(Brief):
Lines outside the range are not wanted. Give again exactly the lines between the line holding "- exists (k" and the line holding "- intros x Hx.", inclusive, from the listing below.

(Dataset):
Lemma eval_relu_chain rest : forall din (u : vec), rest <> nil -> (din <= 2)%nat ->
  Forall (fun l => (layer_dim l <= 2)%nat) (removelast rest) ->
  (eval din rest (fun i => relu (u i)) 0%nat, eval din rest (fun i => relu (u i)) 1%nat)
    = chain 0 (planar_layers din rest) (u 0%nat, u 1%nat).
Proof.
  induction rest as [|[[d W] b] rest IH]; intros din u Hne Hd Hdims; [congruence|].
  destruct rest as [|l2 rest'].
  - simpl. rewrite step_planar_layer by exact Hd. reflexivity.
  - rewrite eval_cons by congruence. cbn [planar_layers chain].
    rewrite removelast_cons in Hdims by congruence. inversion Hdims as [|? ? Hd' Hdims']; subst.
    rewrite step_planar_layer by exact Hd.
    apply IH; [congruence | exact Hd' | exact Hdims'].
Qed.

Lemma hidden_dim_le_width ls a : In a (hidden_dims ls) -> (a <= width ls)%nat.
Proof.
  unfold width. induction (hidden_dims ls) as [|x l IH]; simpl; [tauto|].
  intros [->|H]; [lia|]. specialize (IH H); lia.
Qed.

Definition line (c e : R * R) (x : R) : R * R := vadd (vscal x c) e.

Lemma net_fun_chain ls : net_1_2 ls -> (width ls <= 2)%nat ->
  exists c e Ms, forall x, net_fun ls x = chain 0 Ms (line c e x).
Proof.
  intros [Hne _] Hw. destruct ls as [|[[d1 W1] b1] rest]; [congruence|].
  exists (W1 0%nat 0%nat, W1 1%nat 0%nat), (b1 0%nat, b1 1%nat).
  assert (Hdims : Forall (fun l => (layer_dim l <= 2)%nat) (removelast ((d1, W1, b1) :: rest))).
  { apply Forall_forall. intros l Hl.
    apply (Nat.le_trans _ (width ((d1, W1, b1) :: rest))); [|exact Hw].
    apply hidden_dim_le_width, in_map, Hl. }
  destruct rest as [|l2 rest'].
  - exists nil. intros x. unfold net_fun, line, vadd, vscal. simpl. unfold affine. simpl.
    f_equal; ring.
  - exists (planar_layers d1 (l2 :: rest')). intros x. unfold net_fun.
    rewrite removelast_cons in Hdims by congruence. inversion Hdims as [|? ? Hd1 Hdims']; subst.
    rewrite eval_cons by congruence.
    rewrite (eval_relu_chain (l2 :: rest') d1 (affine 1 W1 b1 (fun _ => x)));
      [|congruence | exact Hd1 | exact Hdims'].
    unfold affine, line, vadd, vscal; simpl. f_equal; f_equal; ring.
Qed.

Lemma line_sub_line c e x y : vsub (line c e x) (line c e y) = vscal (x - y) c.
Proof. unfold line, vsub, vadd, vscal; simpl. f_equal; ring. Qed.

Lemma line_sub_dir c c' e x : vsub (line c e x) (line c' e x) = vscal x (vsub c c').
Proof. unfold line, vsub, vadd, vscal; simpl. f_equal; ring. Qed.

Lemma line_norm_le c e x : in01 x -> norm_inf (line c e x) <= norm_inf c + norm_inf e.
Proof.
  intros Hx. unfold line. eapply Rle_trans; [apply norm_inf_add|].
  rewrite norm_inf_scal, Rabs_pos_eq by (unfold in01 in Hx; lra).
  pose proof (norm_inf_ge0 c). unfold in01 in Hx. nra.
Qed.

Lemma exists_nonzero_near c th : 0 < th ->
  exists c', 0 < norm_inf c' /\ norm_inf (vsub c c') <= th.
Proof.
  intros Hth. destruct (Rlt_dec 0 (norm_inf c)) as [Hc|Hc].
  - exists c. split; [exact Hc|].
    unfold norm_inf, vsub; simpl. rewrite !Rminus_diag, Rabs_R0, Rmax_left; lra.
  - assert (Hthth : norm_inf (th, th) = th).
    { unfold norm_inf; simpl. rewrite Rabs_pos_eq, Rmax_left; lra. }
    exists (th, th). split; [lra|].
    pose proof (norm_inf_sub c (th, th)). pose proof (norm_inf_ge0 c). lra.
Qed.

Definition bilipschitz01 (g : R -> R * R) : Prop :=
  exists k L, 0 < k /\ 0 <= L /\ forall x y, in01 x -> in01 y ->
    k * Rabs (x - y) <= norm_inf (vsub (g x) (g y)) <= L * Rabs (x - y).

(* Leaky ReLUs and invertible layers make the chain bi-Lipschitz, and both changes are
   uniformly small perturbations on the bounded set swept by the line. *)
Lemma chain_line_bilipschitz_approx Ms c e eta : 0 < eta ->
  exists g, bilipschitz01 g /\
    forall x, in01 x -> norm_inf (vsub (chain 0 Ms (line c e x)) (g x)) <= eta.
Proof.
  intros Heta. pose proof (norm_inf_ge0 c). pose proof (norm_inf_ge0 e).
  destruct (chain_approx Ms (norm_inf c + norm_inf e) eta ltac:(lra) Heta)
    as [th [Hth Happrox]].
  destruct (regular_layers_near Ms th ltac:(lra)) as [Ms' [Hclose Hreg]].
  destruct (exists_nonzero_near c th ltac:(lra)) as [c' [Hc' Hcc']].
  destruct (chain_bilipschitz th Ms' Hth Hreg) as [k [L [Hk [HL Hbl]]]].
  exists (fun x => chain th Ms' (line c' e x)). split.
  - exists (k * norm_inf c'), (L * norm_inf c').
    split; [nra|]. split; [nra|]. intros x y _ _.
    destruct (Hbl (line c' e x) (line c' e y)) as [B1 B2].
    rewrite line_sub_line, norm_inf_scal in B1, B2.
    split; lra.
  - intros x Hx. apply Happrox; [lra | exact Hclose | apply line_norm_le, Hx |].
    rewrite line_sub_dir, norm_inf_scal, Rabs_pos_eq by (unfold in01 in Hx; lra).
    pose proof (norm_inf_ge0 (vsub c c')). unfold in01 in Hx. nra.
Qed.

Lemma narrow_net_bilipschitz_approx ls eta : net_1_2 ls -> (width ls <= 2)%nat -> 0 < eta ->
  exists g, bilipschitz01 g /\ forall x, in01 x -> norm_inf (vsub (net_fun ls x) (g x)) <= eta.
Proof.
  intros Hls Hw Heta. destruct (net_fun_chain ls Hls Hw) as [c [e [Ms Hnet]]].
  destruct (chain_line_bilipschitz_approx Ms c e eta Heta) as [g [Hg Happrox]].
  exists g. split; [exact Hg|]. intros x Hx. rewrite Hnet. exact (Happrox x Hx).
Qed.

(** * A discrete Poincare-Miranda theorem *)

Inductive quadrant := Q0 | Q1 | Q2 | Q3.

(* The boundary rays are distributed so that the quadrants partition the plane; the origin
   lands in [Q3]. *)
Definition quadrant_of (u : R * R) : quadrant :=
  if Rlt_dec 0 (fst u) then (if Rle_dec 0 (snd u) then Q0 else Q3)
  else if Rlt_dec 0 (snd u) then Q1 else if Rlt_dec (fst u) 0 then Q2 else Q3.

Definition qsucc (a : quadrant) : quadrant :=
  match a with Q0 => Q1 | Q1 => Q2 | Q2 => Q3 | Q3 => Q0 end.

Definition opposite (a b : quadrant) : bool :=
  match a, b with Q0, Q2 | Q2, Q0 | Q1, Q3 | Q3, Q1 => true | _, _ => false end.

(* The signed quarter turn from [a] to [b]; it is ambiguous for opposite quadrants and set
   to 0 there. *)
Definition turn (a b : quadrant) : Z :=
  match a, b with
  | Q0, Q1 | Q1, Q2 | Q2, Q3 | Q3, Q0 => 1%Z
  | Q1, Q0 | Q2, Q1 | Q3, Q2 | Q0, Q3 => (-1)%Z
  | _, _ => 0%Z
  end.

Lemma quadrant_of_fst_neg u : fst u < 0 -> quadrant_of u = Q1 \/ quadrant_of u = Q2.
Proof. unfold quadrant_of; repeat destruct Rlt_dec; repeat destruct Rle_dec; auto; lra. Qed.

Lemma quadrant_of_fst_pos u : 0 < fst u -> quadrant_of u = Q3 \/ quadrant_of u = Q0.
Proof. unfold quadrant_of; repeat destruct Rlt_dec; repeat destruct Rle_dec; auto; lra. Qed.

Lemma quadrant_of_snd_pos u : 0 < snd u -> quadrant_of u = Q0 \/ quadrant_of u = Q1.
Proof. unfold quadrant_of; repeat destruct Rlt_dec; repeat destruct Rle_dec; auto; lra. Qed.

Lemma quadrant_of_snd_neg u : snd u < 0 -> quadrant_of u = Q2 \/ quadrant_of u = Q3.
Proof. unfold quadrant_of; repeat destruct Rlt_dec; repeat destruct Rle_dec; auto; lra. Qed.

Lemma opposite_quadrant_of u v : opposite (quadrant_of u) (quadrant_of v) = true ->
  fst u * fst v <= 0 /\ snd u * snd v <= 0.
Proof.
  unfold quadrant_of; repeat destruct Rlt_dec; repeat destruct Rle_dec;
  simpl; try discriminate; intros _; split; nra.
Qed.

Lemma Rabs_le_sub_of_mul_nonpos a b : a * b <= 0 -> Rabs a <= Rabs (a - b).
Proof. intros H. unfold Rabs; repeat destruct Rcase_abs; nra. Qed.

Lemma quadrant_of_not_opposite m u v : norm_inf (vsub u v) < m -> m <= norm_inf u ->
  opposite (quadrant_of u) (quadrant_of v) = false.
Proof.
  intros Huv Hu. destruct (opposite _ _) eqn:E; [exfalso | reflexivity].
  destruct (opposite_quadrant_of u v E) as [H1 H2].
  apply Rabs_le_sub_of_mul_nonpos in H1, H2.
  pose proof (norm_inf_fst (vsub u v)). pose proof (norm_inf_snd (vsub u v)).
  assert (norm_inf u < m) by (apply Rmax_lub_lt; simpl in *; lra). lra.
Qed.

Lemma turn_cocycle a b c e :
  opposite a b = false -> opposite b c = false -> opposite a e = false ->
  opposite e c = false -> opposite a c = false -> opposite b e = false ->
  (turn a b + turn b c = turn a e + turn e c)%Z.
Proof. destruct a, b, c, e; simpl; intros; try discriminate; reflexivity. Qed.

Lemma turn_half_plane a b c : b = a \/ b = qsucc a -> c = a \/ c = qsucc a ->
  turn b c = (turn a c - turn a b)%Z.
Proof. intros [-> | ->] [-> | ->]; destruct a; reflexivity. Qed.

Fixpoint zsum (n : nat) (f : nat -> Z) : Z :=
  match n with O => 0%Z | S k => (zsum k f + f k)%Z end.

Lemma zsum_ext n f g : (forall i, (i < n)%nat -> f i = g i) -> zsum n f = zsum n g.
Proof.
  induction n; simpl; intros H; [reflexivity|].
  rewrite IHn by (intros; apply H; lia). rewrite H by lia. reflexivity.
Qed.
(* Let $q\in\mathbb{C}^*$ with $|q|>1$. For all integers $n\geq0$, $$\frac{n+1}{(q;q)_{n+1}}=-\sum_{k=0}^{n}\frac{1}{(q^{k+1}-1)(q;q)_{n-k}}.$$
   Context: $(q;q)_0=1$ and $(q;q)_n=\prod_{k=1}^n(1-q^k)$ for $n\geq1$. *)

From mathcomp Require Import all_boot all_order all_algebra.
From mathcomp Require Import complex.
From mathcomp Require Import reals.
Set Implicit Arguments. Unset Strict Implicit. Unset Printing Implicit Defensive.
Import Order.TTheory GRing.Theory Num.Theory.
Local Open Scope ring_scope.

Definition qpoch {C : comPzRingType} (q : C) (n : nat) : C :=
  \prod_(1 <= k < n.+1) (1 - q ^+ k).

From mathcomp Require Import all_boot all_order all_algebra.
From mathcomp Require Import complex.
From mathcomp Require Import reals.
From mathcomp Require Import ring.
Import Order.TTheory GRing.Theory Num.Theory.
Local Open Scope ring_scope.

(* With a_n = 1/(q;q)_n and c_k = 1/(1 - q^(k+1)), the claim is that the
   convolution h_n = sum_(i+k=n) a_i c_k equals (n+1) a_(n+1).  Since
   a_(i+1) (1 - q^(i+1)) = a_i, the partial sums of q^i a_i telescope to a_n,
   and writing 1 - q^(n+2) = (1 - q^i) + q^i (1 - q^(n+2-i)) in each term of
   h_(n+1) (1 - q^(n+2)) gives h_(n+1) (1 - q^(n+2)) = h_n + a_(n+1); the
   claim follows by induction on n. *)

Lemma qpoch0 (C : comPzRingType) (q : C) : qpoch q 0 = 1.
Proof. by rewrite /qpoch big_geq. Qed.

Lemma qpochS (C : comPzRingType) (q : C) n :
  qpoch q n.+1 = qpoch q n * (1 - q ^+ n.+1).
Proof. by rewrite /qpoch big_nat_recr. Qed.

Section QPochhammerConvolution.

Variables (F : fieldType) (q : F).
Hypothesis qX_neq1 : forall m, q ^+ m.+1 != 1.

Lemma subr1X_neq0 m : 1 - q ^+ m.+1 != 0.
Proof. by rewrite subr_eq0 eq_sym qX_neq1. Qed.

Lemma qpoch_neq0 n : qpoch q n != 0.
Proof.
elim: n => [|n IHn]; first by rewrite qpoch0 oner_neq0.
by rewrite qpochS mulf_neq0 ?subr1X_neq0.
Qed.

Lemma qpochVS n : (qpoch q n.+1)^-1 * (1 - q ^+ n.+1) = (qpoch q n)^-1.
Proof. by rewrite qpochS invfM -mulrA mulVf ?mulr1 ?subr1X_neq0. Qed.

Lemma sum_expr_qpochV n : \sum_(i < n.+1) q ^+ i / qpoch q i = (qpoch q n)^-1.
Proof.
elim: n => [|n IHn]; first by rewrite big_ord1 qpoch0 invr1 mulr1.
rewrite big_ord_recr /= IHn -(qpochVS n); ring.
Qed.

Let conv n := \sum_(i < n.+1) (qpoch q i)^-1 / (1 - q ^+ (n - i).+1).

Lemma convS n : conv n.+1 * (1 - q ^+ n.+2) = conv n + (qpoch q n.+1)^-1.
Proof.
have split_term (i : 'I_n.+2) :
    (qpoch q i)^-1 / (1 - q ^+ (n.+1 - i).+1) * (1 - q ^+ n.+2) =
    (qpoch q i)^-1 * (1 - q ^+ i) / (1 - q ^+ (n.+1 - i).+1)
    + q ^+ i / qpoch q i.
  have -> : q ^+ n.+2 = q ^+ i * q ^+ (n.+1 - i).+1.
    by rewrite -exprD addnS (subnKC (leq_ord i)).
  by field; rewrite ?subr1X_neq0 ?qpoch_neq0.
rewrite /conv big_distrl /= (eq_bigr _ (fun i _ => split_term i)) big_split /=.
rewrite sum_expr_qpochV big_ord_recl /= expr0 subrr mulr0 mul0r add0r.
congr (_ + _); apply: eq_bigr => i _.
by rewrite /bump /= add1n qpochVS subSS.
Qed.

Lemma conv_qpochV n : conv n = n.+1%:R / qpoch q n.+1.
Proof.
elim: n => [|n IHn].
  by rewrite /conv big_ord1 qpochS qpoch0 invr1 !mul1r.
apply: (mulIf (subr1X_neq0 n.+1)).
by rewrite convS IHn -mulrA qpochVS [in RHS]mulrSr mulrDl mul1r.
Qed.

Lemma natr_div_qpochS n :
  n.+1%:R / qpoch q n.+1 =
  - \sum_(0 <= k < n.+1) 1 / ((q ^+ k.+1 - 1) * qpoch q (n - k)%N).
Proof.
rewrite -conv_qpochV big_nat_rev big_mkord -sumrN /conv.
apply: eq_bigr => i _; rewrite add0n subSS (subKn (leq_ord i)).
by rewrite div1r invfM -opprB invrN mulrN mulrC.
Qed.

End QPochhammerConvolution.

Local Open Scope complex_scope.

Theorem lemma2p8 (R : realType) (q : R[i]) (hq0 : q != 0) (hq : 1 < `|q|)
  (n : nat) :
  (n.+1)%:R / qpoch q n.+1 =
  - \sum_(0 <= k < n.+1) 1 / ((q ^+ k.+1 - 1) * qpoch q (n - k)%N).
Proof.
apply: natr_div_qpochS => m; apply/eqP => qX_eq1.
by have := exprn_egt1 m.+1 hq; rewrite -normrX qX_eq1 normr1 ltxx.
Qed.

(Response to this exercise):
  - exists (k * norm_inf c'), (L * norm_inf c').
    split; [nra|]. split; [nra|]. intros x y _ _.
    destruct (Hbl (line c' e x) (line c' e y)) as [B1 B2].
    rewrite line_sub_line, norm_inf_scal in B1, B2.
    split; lra.
  - intros x Hx. apply Happrox; [lra | exact Hclose | apply line_norm_le, Hx |].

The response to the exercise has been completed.